(Saved data entries)
• • • • •

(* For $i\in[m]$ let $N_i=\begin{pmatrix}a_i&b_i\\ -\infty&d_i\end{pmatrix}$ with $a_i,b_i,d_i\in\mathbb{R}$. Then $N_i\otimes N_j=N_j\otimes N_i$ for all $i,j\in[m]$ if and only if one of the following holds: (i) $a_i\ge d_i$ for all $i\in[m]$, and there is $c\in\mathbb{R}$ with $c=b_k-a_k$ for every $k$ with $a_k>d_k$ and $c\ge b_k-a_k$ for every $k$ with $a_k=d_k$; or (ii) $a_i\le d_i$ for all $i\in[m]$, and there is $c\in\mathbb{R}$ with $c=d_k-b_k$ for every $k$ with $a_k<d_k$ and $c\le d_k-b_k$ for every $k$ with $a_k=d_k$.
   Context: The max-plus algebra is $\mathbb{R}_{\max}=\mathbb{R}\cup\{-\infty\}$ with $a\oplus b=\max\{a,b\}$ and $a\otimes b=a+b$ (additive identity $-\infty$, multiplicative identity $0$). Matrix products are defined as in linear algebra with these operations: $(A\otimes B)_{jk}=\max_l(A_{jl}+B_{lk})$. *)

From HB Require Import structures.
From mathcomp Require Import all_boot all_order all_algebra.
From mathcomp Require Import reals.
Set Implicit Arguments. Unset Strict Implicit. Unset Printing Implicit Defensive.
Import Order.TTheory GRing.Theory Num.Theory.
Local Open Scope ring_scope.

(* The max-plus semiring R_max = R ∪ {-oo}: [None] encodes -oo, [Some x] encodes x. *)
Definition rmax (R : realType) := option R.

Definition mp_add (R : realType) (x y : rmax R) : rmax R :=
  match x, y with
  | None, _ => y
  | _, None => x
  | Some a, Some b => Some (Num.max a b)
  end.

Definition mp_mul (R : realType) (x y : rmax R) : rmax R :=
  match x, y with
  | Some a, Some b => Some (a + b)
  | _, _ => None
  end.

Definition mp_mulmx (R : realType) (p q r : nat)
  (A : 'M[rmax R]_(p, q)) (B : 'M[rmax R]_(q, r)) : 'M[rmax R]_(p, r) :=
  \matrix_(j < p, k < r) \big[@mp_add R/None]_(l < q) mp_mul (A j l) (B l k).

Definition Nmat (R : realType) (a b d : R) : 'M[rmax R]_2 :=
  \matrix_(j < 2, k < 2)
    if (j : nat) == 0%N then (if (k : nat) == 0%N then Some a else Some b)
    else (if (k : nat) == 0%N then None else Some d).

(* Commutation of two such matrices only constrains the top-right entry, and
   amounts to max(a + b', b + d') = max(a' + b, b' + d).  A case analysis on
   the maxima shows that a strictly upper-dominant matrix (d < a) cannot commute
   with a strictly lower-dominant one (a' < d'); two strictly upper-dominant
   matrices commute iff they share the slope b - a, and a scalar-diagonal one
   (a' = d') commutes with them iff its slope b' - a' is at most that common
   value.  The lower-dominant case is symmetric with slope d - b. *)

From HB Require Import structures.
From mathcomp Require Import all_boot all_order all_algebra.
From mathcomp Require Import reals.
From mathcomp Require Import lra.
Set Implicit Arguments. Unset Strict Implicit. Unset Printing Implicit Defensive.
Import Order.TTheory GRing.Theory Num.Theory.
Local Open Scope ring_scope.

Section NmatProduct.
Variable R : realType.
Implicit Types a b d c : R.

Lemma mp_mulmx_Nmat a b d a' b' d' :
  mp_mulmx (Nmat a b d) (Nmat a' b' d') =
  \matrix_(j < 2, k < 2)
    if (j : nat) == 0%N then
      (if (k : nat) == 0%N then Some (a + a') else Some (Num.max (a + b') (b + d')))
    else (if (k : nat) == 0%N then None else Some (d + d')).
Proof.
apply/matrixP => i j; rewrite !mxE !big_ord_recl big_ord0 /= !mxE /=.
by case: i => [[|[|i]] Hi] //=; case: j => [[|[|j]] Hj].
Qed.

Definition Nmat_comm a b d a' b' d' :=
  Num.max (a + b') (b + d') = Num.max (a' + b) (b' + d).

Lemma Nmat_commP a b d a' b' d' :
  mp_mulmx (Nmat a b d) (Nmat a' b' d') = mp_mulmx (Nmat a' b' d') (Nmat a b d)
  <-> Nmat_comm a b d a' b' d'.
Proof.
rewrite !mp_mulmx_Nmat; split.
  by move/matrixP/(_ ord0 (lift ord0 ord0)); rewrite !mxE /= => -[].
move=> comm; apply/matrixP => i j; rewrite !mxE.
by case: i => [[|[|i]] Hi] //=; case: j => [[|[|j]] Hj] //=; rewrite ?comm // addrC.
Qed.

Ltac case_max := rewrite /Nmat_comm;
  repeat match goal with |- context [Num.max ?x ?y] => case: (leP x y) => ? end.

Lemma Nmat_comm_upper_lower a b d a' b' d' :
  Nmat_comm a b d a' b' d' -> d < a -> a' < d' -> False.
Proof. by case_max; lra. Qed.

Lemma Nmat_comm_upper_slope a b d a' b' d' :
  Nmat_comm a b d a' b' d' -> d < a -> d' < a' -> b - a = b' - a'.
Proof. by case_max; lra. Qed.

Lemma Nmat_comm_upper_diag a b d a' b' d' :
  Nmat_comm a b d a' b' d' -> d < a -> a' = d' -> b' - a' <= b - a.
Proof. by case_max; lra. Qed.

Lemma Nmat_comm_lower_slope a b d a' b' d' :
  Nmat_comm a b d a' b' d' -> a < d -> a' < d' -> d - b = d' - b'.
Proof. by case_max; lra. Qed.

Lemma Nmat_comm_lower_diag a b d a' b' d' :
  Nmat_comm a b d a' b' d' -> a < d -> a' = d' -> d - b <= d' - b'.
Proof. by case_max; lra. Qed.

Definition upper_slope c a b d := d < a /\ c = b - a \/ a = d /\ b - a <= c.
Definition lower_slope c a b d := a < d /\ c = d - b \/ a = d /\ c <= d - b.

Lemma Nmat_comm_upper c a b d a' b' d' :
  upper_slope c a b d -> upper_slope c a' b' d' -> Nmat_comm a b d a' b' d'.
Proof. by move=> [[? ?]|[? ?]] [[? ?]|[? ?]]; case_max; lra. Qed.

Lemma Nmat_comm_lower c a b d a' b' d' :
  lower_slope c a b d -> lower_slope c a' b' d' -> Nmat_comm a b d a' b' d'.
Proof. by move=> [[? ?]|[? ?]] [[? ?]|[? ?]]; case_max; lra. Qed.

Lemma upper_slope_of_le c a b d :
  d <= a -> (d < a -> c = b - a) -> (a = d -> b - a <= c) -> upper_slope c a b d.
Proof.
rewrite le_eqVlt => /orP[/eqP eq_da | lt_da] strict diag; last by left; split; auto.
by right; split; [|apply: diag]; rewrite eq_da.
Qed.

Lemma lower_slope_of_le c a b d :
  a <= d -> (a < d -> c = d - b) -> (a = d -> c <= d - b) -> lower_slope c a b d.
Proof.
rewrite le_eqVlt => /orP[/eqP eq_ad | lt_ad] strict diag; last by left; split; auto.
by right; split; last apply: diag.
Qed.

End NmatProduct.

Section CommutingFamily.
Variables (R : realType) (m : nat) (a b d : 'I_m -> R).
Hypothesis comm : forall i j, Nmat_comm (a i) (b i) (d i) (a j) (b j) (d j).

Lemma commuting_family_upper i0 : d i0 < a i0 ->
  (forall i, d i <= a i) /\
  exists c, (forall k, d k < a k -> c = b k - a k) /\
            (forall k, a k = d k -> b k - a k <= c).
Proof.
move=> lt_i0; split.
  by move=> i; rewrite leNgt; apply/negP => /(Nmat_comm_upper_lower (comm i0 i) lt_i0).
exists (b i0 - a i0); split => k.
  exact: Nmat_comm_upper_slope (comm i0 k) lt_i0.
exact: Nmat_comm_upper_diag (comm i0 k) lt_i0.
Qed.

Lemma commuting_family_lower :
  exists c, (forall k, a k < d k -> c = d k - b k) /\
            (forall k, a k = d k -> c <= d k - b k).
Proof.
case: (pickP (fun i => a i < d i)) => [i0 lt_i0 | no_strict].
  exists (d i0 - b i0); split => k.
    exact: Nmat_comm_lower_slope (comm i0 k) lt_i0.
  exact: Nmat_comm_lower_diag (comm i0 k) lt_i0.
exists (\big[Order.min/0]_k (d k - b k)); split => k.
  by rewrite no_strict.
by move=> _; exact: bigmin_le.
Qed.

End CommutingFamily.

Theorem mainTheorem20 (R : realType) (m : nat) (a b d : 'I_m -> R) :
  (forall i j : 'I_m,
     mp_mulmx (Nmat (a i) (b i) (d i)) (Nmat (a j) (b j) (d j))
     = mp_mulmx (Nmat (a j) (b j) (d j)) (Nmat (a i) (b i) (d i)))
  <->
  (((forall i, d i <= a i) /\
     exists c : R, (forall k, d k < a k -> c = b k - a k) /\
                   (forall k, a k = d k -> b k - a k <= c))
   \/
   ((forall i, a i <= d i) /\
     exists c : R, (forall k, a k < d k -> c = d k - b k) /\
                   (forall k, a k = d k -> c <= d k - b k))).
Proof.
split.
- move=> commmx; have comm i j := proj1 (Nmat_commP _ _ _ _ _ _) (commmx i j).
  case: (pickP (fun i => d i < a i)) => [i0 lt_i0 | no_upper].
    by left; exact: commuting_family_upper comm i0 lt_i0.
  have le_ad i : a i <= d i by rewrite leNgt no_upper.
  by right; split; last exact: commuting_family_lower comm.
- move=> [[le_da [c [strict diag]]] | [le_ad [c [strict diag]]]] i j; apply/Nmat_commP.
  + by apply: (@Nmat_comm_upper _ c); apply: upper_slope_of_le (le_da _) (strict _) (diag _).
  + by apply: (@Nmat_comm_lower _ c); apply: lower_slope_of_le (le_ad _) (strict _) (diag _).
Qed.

• • • • •

What the exercise asks –
Begin with the line above that has "case: j => [[|[|j]] Hj]." and continue through the line that has "rewrite !mp_mulmx_Nmat; split.", setting each one down exactly. Stop there.

Task response –
by case: i => [[|[|i]] Hi] //=; case: j => [[|[|j]] Hj].
Qed.

Definition Nmat_comm a b d a' b' d' :=
  Num.max (a + b') (b + d') = Num.max (a' + b) (b' + d).

Lemma Nmat_commP a b d a' b' d' :
  mp_mulmx (Nmat a b d) (Nmat a' b' d') = mp_mulmx (Nmat a' b' d') (Nmat a b d)
  <-> Nmat_comm a b d a' b' d'.
Proof.
rewrite !mp_mulmx_Nmat; split.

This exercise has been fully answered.